- _WHAT IS EXPECTED_
Taking the line with "Lemma osum_perm l1" as the first and the line with "Lemma osum_cat l1" as the last, set down exactly every line in that range from the entries below, and no more.

[Collected data]
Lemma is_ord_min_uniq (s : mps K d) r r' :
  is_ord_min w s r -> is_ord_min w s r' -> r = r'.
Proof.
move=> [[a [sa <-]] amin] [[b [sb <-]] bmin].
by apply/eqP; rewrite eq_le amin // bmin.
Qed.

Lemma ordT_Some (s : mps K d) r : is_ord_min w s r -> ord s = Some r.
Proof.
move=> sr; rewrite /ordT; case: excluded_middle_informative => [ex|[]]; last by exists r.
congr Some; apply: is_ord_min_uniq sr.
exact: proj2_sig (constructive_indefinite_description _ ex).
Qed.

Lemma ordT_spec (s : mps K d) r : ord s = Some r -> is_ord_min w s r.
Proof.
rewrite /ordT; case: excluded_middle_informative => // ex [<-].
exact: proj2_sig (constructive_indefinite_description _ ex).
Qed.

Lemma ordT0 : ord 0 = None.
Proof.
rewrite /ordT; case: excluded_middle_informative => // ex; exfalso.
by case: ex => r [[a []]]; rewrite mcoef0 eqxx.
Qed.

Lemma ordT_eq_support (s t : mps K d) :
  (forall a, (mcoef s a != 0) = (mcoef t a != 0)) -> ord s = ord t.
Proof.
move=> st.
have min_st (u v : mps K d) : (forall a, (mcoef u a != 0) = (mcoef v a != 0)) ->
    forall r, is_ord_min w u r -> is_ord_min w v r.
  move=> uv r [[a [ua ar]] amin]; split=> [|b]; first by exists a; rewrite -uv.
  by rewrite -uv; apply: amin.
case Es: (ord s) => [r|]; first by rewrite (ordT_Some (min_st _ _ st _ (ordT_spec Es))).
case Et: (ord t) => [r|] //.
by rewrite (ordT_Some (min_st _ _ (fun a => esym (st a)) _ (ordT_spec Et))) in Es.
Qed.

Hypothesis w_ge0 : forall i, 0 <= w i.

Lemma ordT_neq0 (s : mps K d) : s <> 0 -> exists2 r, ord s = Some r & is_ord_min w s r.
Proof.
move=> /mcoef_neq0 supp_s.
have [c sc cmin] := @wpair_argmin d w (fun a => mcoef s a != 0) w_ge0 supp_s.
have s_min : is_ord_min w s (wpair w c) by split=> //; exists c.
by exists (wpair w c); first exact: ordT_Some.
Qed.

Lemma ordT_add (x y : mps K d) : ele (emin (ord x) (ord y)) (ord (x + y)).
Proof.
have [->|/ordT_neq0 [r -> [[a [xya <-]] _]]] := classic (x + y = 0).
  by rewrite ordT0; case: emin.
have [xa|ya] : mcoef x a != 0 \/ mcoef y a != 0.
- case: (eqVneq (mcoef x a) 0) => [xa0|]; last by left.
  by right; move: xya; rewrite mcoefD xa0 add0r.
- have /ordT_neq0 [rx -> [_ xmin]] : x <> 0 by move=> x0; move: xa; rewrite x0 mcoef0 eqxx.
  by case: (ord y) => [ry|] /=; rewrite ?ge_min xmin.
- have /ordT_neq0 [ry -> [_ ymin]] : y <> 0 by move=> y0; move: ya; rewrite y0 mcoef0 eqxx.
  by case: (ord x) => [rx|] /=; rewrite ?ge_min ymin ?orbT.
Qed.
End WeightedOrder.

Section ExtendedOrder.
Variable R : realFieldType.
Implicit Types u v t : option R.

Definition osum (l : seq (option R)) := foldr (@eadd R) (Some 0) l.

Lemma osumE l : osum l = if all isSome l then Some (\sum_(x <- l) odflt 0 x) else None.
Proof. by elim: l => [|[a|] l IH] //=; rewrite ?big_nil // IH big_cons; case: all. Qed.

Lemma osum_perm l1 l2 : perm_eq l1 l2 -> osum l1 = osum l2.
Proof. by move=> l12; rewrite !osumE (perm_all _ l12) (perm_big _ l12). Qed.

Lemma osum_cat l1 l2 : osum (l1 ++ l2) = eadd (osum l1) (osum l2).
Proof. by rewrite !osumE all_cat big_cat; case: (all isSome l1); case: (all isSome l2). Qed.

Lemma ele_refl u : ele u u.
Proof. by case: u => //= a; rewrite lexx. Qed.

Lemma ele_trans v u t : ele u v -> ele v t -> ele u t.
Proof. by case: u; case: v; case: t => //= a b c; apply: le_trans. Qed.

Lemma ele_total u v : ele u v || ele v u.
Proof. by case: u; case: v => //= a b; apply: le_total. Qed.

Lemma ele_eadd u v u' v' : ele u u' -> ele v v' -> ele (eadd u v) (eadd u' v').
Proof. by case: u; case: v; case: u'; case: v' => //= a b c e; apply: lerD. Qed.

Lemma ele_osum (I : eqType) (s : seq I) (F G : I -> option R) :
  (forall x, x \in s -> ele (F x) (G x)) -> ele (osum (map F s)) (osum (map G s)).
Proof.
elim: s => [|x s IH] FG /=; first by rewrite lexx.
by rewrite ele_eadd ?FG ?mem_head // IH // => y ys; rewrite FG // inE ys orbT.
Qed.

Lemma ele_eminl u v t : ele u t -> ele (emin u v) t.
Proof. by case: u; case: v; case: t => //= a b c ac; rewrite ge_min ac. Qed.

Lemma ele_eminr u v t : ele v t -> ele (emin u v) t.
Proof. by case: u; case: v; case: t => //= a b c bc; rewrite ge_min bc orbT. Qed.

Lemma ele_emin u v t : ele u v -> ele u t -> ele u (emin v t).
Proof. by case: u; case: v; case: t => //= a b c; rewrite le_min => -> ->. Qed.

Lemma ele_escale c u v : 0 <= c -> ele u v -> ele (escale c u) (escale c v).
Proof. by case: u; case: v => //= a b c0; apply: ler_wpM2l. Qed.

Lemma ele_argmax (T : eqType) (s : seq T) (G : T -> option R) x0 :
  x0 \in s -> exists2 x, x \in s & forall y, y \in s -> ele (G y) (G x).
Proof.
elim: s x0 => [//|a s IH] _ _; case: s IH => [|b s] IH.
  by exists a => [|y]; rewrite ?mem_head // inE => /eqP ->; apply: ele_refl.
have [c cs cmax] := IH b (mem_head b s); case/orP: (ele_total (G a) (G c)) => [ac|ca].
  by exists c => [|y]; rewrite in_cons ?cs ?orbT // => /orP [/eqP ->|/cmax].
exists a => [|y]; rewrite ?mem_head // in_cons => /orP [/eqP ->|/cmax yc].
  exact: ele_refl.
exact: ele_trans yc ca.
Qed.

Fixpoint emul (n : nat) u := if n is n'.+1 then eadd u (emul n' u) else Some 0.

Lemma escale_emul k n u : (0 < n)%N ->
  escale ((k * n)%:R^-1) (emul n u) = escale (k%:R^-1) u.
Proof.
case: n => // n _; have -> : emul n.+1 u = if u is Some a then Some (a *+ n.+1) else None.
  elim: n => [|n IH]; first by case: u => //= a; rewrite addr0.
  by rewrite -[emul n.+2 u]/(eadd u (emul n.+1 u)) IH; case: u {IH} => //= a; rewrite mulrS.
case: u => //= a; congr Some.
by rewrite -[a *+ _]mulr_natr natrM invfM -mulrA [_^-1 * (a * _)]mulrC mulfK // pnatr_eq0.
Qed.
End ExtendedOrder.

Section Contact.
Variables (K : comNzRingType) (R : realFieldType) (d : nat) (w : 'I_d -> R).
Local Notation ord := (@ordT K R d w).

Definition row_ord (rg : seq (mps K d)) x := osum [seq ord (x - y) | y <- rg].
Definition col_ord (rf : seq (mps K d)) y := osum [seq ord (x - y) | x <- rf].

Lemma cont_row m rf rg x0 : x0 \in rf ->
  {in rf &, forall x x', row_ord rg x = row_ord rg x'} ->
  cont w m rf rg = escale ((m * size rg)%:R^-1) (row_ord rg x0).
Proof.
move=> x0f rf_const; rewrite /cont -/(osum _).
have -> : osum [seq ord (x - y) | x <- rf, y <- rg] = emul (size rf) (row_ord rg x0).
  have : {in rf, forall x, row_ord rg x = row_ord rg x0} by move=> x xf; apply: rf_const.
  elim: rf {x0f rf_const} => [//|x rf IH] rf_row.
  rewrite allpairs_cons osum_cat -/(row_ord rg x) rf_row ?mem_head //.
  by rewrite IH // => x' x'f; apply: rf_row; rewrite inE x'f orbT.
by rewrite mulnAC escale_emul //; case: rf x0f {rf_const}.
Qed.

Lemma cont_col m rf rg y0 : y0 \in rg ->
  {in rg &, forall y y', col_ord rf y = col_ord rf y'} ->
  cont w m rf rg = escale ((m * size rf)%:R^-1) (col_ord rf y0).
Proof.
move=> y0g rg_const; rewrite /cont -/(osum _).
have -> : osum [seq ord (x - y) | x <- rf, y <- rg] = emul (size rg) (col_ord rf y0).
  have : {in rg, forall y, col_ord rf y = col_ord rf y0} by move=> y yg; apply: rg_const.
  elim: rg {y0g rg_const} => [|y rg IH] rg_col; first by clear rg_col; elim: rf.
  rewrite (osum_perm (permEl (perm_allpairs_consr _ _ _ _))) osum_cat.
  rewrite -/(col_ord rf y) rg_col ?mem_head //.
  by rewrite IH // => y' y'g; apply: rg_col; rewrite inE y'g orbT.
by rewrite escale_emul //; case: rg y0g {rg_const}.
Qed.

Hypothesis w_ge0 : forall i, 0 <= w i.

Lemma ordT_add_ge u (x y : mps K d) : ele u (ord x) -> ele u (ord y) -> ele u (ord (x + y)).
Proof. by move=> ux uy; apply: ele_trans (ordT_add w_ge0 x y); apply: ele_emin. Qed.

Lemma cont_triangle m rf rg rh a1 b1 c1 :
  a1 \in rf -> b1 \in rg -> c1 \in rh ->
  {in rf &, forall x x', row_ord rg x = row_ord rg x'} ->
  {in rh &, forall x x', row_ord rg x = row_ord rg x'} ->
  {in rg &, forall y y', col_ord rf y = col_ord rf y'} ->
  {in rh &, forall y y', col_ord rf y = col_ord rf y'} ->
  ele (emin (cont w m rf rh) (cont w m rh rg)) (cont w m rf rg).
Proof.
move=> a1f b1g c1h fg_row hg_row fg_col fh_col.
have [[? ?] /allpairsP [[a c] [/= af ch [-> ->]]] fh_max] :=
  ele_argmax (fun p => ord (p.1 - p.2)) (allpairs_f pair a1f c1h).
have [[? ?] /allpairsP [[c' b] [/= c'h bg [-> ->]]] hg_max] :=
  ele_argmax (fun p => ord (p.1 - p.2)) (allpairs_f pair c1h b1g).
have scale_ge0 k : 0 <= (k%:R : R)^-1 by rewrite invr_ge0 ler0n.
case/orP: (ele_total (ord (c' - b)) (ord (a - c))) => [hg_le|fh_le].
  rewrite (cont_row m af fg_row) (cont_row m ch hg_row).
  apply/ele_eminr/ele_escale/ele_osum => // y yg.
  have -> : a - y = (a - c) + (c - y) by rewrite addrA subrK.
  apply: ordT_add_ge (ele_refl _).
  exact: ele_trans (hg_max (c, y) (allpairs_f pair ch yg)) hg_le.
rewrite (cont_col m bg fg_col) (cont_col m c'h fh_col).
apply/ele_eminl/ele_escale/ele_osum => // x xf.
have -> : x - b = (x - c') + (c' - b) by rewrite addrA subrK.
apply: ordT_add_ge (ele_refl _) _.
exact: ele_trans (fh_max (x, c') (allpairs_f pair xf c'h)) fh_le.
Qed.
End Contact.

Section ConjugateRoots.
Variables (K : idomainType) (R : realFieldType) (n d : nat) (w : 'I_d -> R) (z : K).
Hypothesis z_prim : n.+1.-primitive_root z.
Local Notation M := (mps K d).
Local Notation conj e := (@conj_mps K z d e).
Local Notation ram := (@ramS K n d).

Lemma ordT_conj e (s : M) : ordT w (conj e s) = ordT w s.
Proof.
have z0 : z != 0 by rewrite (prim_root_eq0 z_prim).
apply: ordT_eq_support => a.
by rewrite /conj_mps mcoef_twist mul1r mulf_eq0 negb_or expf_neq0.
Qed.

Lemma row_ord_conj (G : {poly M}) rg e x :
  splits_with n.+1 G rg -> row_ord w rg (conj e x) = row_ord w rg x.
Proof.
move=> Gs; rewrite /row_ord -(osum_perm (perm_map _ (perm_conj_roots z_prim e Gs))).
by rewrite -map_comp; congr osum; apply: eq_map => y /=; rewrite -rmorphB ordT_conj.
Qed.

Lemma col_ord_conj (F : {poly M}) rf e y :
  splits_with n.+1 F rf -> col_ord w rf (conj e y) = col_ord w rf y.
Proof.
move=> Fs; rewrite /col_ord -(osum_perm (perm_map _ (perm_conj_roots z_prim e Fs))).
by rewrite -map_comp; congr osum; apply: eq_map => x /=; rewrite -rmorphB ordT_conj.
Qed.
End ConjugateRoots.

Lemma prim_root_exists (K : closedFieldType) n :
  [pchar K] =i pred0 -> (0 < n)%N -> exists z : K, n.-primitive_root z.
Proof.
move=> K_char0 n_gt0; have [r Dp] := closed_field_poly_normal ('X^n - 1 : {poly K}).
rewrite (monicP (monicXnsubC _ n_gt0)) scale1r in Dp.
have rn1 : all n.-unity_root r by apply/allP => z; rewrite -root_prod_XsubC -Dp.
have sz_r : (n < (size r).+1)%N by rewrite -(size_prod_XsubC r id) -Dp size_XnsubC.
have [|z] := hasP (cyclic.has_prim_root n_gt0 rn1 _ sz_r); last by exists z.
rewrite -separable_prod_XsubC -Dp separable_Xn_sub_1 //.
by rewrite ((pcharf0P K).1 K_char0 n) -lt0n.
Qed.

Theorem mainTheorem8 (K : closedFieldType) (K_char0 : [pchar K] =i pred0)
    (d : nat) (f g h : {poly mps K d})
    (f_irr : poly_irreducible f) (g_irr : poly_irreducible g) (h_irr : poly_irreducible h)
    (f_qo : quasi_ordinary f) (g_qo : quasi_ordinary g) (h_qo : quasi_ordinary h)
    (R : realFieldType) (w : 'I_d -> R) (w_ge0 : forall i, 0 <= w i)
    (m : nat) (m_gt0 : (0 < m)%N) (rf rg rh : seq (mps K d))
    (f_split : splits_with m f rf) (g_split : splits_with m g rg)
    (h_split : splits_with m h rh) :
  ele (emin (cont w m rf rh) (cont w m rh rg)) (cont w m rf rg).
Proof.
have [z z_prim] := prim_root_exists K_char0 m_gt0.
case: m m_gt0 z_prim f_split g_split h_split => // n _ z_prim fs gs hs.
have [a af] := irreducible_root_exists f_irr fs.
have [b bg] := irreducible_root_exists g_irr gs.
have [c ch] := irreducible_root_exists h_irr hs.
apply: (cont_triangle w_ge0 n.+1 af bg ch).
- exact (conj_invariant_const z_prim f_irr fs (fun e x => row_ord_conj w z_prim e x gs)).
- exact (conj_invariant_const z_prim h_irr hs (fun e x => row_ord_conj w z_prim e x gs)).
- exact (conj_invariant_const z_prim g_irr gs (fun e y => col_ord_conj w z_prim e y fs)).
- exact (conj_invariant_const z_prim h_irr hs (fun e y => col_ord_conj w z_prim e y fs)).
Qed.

- _THE COMPLETED TASK_
Lemma osum_perm l1 l2 : perm_eq l1 l2 -> osum l1 = osum l2.
Proof. by move=> l12; rewrite !osumE (perm_all _ l12) (perm_big _ l12). Qed.

Lemma osum_cat l1 l2 : osum (l1 ++ l2) = eadd (osum l1) (osum l2).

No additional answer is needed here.